Compiling Android Kernel for Droid Incredible C

This assumes:

  1. You have a Verizon Droid Incredible C
  2. You have the Android NDK, which contains a cross-compiler toolchain, in order to compile the kernel.

  3. You have rooted your phone with unrEVOked, and hence have the ClockworkModRecovery recovery tool installed.

  4. The system you are compiling on is Linux

#Used android NDK cross compilation toolkit to compile.
#You have to export CROSS_COMPILE to be:

export CROSS_COMPILE=/path/to/android-ndk-r6b/toolchains/arm-linux-androideabi-4.4.3/prebuilt/linux-x86/bin/arm-linux-androideabi-

cd /path/to/kernel/source

adb pull /proc/config.gz
gunzip config.gz
cp config .config
make oldconfig

#To customize:
make menuconfig

#GCC can compile in parallel on multiprocessor systems, so it works faster.
#The -j12 flag below can be optimized for your system. It is the number of threads to
#compile concurrently on. A good rule of thumb is to use a number that is near
#the number of cores on your machine times two.

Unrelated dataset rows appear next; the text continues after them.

Section Products.
Variables f g : {poly K}.
Hypothesis fR : inRX R f.
Hypothesis gR : inRX R g.

Lemma mem_hpairs x : x \in hpairs f g -> x.1 \in hterms f /\ x.2 \in hterms g.
Proof. by case/allpairsP=> -[p q] [pf qg ->]. Qed.

Lemma coef_mul_hpairs k : (f * g)`_k = \sum_(x <- hpairs f g | (hdeg x).1 == k) hcoef x.
Proof.
rewrite {1}(poly_hterms fR) {1}(poly_hterms gR) mulr_suml coef_sum.
rewrite [RHS]big_mkcond /hpairs big_allpairs; apply: eq_bigr => p _.
rewrite mulr_sumr coef_sum; apply: eq_bigr => q _.
rewrite -scalerAl -scalerAr scalerA -exprD coefZ coefXn /hdeg /hcoef /= eq_sym.
by case: eqP; rewrite ?mulr1 ?mulr0.
Qed.

Lemma hprod_Rg k c : Rg c (hprod f g (k, c)).
Proof.
rewrite /hprod big_seq_cond; apply: Rg_sum => x /andP [/mem_hpairs [xf xg] /eqP deg_x].
have [Rg1 _ _] := hterms_hcomp fR xf; have [Rg2 _ _] := hterms_hcomp gR xg.
have -> : c = (hdeg x).2 by rewrite deg_x.
exact: RgM Rg1 Rg2.
Qed.

Lemma coef_mul_hdec k :
  is_hdec (f * g)`_k (hprod_support f g k, fun c => hprod f g (k, c)).
Proof.
split=> /=.
- rewrite map_inj_in_uniq ?filter_uniq ?undup_uniq // => -[k1 c1] [k2 c2].
  by rewrite !mem_filter /= => /andP [/eqP -> _] /andP [/eqP -> _] ->.
- by move=> c _; apply: hprod_Rg.
rewrite coef_mul_hpairs (sum_partition_key _ _ (fun j => j.1 == k)) big_map big_filter.
by apply: eq_bigr => j /eqP <-; rewrite -surjective_pairing.
Qed.

Lemma hcomp_mul k y : hcomp Rg (f * g)`_k y -> y = 0 \/ exists c, y = hprod f g (k, c).
Proof. by case/(hcomp_is_hdec (coef_mul_hdec k)) => [|[c _ ->]]; [left | right; exists c]. Qed.

Lemma Af_mul_hprod j : Af R Rg (f * g) (hprod f g j).
Proof.
case: j => k c; case: (boolP (c \in hprod_support f g k)) => [c_k | c_nk].
  apply: (ideal_gen_mem R1); exists k; have [u Rgu fgk] := coef_mul_hdec k.
  by exists (hprod_support f g k), (fun c => hprod f g (k, c)); split=> //; exists c.
rewrite (_ : hprod f g (k, c) = 0); first by have [] := Rsubmod_ideal_gen RM
  (fun y => exists i, hcomp Rg (f * g)`_i y).
rewrite /hprod big1_seq // => x /andP [/eqP deg_x xfg]; case/negP: c_nk.
by apply/mapP; exists (k, c); rewrite // mem_filter eqxx mem_undup -deg_x map_f.
Qed.

Lemma Af_hprod j : Af R Rg f (hprod f g j) /\ Af R Rg g (hprod f g j).
Proof.
have [_ _ Af_fM] := Rsubmod_ideal_gen RM (fun y => exists i, hcomp Rg f`_i y).
have [_ _ Af_gM] := Rsubmod_ideal_gen RM (fun y => exists i, hcomp Rg g`_i y).
rewrite /hprod big_seq_cond; split; apply: (Rsubmod_sum (Rsubmod_ideal_gen RM _)).
  move=> x /andP [/mem_hpairs [xf xg] _]; rewrite /hcoef mulrC.
  by apply: Af_fM (Af_hterm fR xf); have [] := hterms_hcomp gR xg.
move=> x /andP [/mem_hpairs [xf xg] _].
by apply: Af_gM (Af_hterm gR xg); have [] := hterms_hcomp fR xf.
Qed.

Lemma Af_mul_sub z : Af R Rg (f * g) z -> Af R Rg f z /\ Af R Rg g z.
Proof.
have Af0 h : Af R Rg h 0 by have [] := Rsubmod_ideal_gen RM (fun y => exists i, hcomp Rg h`_i y).
move=> fg_z; split; apply: (ideal_gen_min (Rsubmod_ideal_gen RM _) _ fg_z).
  by move=> y [i /hcomp_mul [-> | [c ->]]]; [apply: Af0 | case: (Af_hprod (i, c))].
by move=> y [i /hcomp_mul [-> | [c ->]]]; [apply: Af0 | case: (Af_hprod (i, c))].
Qed.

So if you have a 4 core machine,
#you could use -j8; two threads per core.
#If you leave it as is, it shouldn't hurt anything but the compile process may not
#be optimal.

make -j12 EXTRA_AFLAGS=-mfpu=neon && make EXTRA_AFLAGS=-mfpu=neon modules

mkdir DIST

cd DIST

cp ../arch/arm/boot/zImage .

# oldboot.img contains boot image backed up from clockworkmod recovery
cp /path/to/oldboot.img .

#Extract the ramdisk from the old image:
split_bootimg.pl oldboot.img

#port-blank.zip contains a blank update.zip skeleton to create
#a kernel update package.
mkdir update-zip
cd update-zip
cp /path/to/port-blank.zip .
unzip update-zip

mkbootimg --cmdline 'no_console_suspend=1 console=null' --kernel ../zImage --ramdisk ../oldboot.img-ramdisk.gz -o boot-new.img --base 0x20000000

mv boot-new.img boot.img
rm port-blank.zip

#copy the compiled modules
cd system/lib/modules/
cp $(find ../../../../../ -name *.ko) .

#zip up the image
cd ../../..
zip -r newboot.zip *

#push image to the phone
adb push newboot.zip /sdcard/

Now with clockworkmod recovery, turn off signed checking and flash the newboot.zip file:

Install zip from sdcard -> toggle signature verification (if it’s not off)

Install zip from sdcard -> choose zip from sdcard -> newboot.zip -> Yes

root menu -> reboot system now

WiFi Module

I was initially not able to use the WiFi module. However upon Googling, I found that I needed to use the android-ndk-r5b compiler, an earlier version than I was using. Once I did that, the WiFi module compiled correctly.